*What is expected:* Given the listing below, write out exactly the lines starting with the line that has "destruct (le_wqo u) as [i [j [Hij Hle]]]." and going on through the line that has "Lemma ind_gt_le (d", both kept.

'''

Lemma strict_wf x : Acc (strict le) x.
Proof.
  revert x. apply Acc_of_no_descending_chain. intros f Hf.
  destruct (le_wqo f) as [i [j [Hij Hle]]].
  assert (Hc : forall k, S i <= k -> le (f k) (f (S i))).
  { induction 1; auto. eapply le_trans; [apply (Hf m)|auto]. }
  apply (proj2 (Hf i)). eapply le_trans; [exact Hle|]. apply Hc; lia.
Qed.

Lemma hoare_strict_wf S : Acc (strict (hoare le)) S.
Proof.
  revert S. apply Acc_of_no_descending_chain. intros f Hf.
  assert (Hx : forall n, exists a, mem (f n) a /\ forall b, mem (f (S n)) b -> ~ le a b).
  { intros n. apply NNPP; intros Hn. apply (proj2 (Hf n)).
    intros a Ha. apply NNPP; intros Hb. apply Hn. exists a. split; auto.
    intros b Hb' Hab. apply Hb. exists b; auto. }
  destruct (choice _ Hx) as [x Hxs].
  destruct (le_wqo x) as [i [j [Hij Hle]]].
  assert (Hc : forall k, S i <= k -> hoare le (f k) (f (S i))).
  { induction 1; [apply hoare_refl|]. eapply hoare_trans; [apply (Hf m)|auto]. }
  destruct (Hc j ltac:(lia) (x j) (proj1 (Hxs j))) as [b [Hb Hjb]].
  apply ((proj2 (Hxs i)) b Hb). eauto.
Qed.

Lemma wqo_finite_classes (P : A -> Prop) : (forall x y, P x -> P y -> ~ strict le x y) ->
  exists L, (forall r, In r L -> P r) /\ forall a, P a -> exists r, In r L /\ le a r /\ le r a.
Proof.
  intros Hanti. apply NNPP; intros Hno.
  destruct (fresh_sequence P (fun a r => le a r /\ le r a)) as [u [HuP Hu]].
  { intros L HL. apply NNPP; intros Hc. apply Hno. exists L. split; auto.
    intros a Ha. apply NNPP; intros Hd. apply Hc. exists a. split; auto.
    intros r Hr Har. apply Hd. exists r. tauto. }
  destruct (le_wqo u) as [i [j [Hij Hle]]].
  apply (Hanti (u i) (u j)); auto. split; auto. intros Hji. apply (Hu i j); auto.
Qed.
(* If h were constant on an interval, h' = h'' = 0 there and the HJB equation
   pins h to one of its bounds: beta u0 / r below d, (beta u0 - 1) / r above d.
   As h is monotone and stays within these bounds, such a value propagates to
   the last (resp. first) point s where h touches the bound before (resp. after)
   d; s is an extremum of h, so h'(s) = 0.  If s <> d, near s the control
   saturates and the distance from h to the bound solves the linear ODE
   w'' = (2r/sigma^2) w + (2(mu - u0)/sigma^2) w' with zero Cauchy data, hence
   vanishes on one more side of s, contradicting the choice of s.  If s = d, the
   HJB equation gives sigma^2/2 h'' = 1 right after d (upper bound), resp.
   sigma^2/2 h''(d-) = -1 (lower bound), so h' > 0 near d: impossible. *)

From Stdlib Require Import Reals Lra.
From Coquelicot Require Import Coquelicot.
Open Scope R_scope.

Lemma hjb_sup_eq (u0 beta p : R) :
  0 <= u0 -> hjb_sup u0 beta p = Finite (u0 * Rmax 0 (beta + p)).
Proof.
  intros Hu0; apply is_lub_Rbar_unique; split.
  - intros v [u [Hu ->]]; simpl.
    unfold Rmax; destruct (Rle_dec 0 (beta + p)); nra.
  - intros b Hb; unfold Rmax; destruct (Rle_dec 0 (beta + p)).
    + rewrite Rmult_comm; apply Hb; exists u0; split; [lra | reflexivity].
    + rewrite Rmult_0_r, <- (Rmult_0_r (beta + p)).
      apply Hb; exists 0; split; [lra | reflexivity].
Qed.

Lemma ind_gt_le (d z : R) : z <= d -> ind_gt d z = 0.
Proof. intros Hz; unfold ind_gt; destruct (Rlt_dec d z); lra. Qed.

Lemma ind_gt_gt (d z : R) : d < z -> ind_gt d z = 1.
Proof. intros Hz; unfold ind_gt; destruct (Rlt_dec d z); lra. Qed.

Lemma locally_interval_R (x : R) (P : R -> Prop) :
  locally x P -> exists eps : posreal, forall y, x - eps < y < x + eps -> P y.
Proof.
  intros [eps Heps]; exists eps; intros y Hy; apply Heps.
  exact (proj2 (Rabs_lt_between' _ _ _) Hy).
Qed.

Lemma continuous_pos_near (f : R -> R) (x : R) :
  continuous f x -> 0 < f x ->
  exists eps : posreal, forall y, x - eps < y < x + eps -> 0 < f y.
Proof.
  intros Hc Hpos.
  apply continuity_pt_filterlim in Hc; rewrite continuity_pt_locally in Hc.
  destruct (locally_interval_R _ _ (Hc (mkposreal _ Hpos))) as [eps Heps].
  exists eps; intros y Hy; specialize (Heps y Hy); simpl in Heps.
  apply Rabs_def2 in Heps; lra.
Qed.

Lemma nonincreasing_is_derive_le0 (f : R -> R) (x b l : R) :
  x < b -> (forall y, x <= y < b -> f y <= f x) -> is_derive f x l -> l <= 0.
Proof.
  intros Hxb Hdec Hd; apply Rnot_lt_le; intros Hl.
  destruct (proj1 (is_derive_Reals _ _ _) Hd l Hl) as [del Hdel].
  set (k := Rmin del (b - x) / 2).
  assert (Hk : 0 < k /\ k < del /\ x + k < b).
  { pose proof (Rmin_l del (b - x)); pose proof (Rmin_r del (b - x)).
    pose proof (Rmin_glb_lt del (b - x) 0 (cond_pos del) ltac:(lra)).
    unfold k; lra. }
  specialize (Hdel k ltac:(lra) ltac:(rewrite Rabs_pos_eq; lra)).
  apply Rabs_def2 in Hdel.
  assert (Hq : f (x + k) - f x = (f (x + k) - f x) / k * k) by (field; lra).
  assert (f (x + k) <= f x) by (apply Hdec; lra).
  nra.
Qed.

Lemma is_derive_local_max (f : R -> R) (a b x l : R) :
  a < x < b -> (forall y, a < y < b -> f y <= f x) -> is_derive f x l -> l = 0.
Proof.
  intros Hx Hmax Hd.
  pose (pr := exist _ l (proj1 (is_derive_Reals _ _ _) Hd) : derivable_pt f x).
  change l with (derive_pt f x pr).
  apply (deriv_maximum f a b); [tauto | tauto | intros y Hay Hyb; apply Hmax; lra].
Qed.

Lemma is_derive_local_min (f : R -> R) (a b x l : R) :
  a < x < b -> (forall y, a < y < b -> f x <= f y) -> is_derive f x l -> l = 0.
Proof.
  intros Hx Hmin Hd.
  pose (pr := exist _ l (proj1 (is_derive_Reals _ _ _) Hd) : derivable_pt f x).
  change l with (derive_pt f x pr).
  apply (deriv_minimum f a b); [tauto | tauto | intros y Hay Hyb; apply Hmin; lra].
Qed.

(* Unlike [MVT_gen], the intermediate point is strictly inside [a, b]. *)
Lemma mvt_strict (f df : R -> R) (a b : R) :
  a < b ->
  (forall x, a < x < b -> is_derive f x (df x)) ->
  (forall x, a <= x <= b -> continuous f x) ->
  exists c, a < c < b /\ f b - f a = df c * (b - a).
Proof.
  intros Hab Hd Hc.
  pose (pr x (Hx : a < x < b) :=
          exist _ (df x) (proj1 (is_derive_Reals _ _ _) (Hd x Hx)) : derivable_pt f x).
  destruct (MVT f id a b pr (fun x _ => derivable_pt_id x) Hab) as [c [Hc' Heq]].
  - intros x Hx; apply continuity_pt_filterlim, Hc, Hx.
  - intros x _; apply derivable_continuous_pt, derivable_pt_id.
  - exists c; split; [exact Hc'|].
    rewrite derive_pt_id in Heq; simpl in Heq; unfold id in Heq; lra.
Qed.

Lemma left_deriv_lt0_gt_left (f : R -> R) (x l a : R) :
  left_deriv f x l -> l < 0 -> a < x -> exists y, a < y < x /\ f x < f y.
Proof.
  intros Hf Hl Hax.
  assert (Hl' : 0 < - l) by lra.
  destruct (locally_interval_R _ _ (proj1 (filterlim_locally _ _) Hf (mkposreal _ Hl')))
    as [eps Heps].
  set (y := x - Rmin eps (x - a) / 2).
  assert (Hy : a < y < x /\ x - eps < y).
  { pose proof (Rmin_l eps (x - a)); pose proof (Rmin_r eps (x - a)).
    pose proof (Rmin_glb_lt eps (x - a) 0 (cond_pos eps) ltac:(lra)).
    unfold y; lra. }
  exists y; split; [tauto|].
  specialize (Heps y ltac:(lra) ltac:(lra)).
  apply (proj1 (Rabs_lt_between' _ _ _)) in Heps; simpl in Heps.
  assert (Hq : f y - f x = (f y - f x) / (y - x) * (y - x)) by (field; lra).
  nra.
Qed.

'''

*Answer box:*
  destruct (le_wqo u) as [i [j [Hij Hle]]].
  apply (Hanti (u i) (u j)); auto. split; auto. intros Hji. apply (Hu i j); auto.
Qed.
(* If h were constant on an interval, h' = h'' = 0 there and the HJB equation
   pins h to one of its bounds: beta u0 / r below d, (beta u0 - 1) / r above d.
   As h is monotone and stays within these bounds, such a value propagates to
   the last (resp. first) point s where h touches the bound before (resp. after)
   d; s is an extremum of h, so h'(s) = 0.  If s <> d, near s the control
   saturates and the distance from h to the bound solves the linear ODE
   w'' = (2r/sigma^2) w + (2(mu - u0)/sigma^2) w' with zero Cauchy data, hence
   vanishes on one more side of s, contradicting the choice of s.  If s = d, the
   HJB equation gives sigma^2/2 h'' = 1 right after d (upper bound), resp.
   sigma^2/2 h''(d-) = -1 (lower bound), so h' > 0 near d: impossible. *)

From Stdlib Require Import Reals Lra.
From Coquelicot Require Import Coquelicot.
Open Scope R_scope.

Lemma hjb_sup_eq (u0 beta p : R) :
  0 <= u0 -> hjb_sup u0 beta p = Finite (u0 * Rmax 0 (beta + p)).
Proof.
  intros Hu0; apply is_lub_Rbar_unique; split.
  - intros v [u [Hu ->]]; simpl.
    unfold Rmax; destruct (Rle_dec 0 (beta + p)); nra.
  - intros b Hb; unfold Rmax; destruct (Rle_dec 0 (beta + p)).
    + rewrite Rmult_comm; apply Hb; exists u0; split; [lra | reflexivity].
    + rewrite Rmult_0_r, <- (Rmult_0_r (beta + p)).
      apply Hb; exists 0; split; [lra | reflexivity].
Qed.

Lemma ind_gt_le (d z : R) : z <= d -> ind_gt d z = 0.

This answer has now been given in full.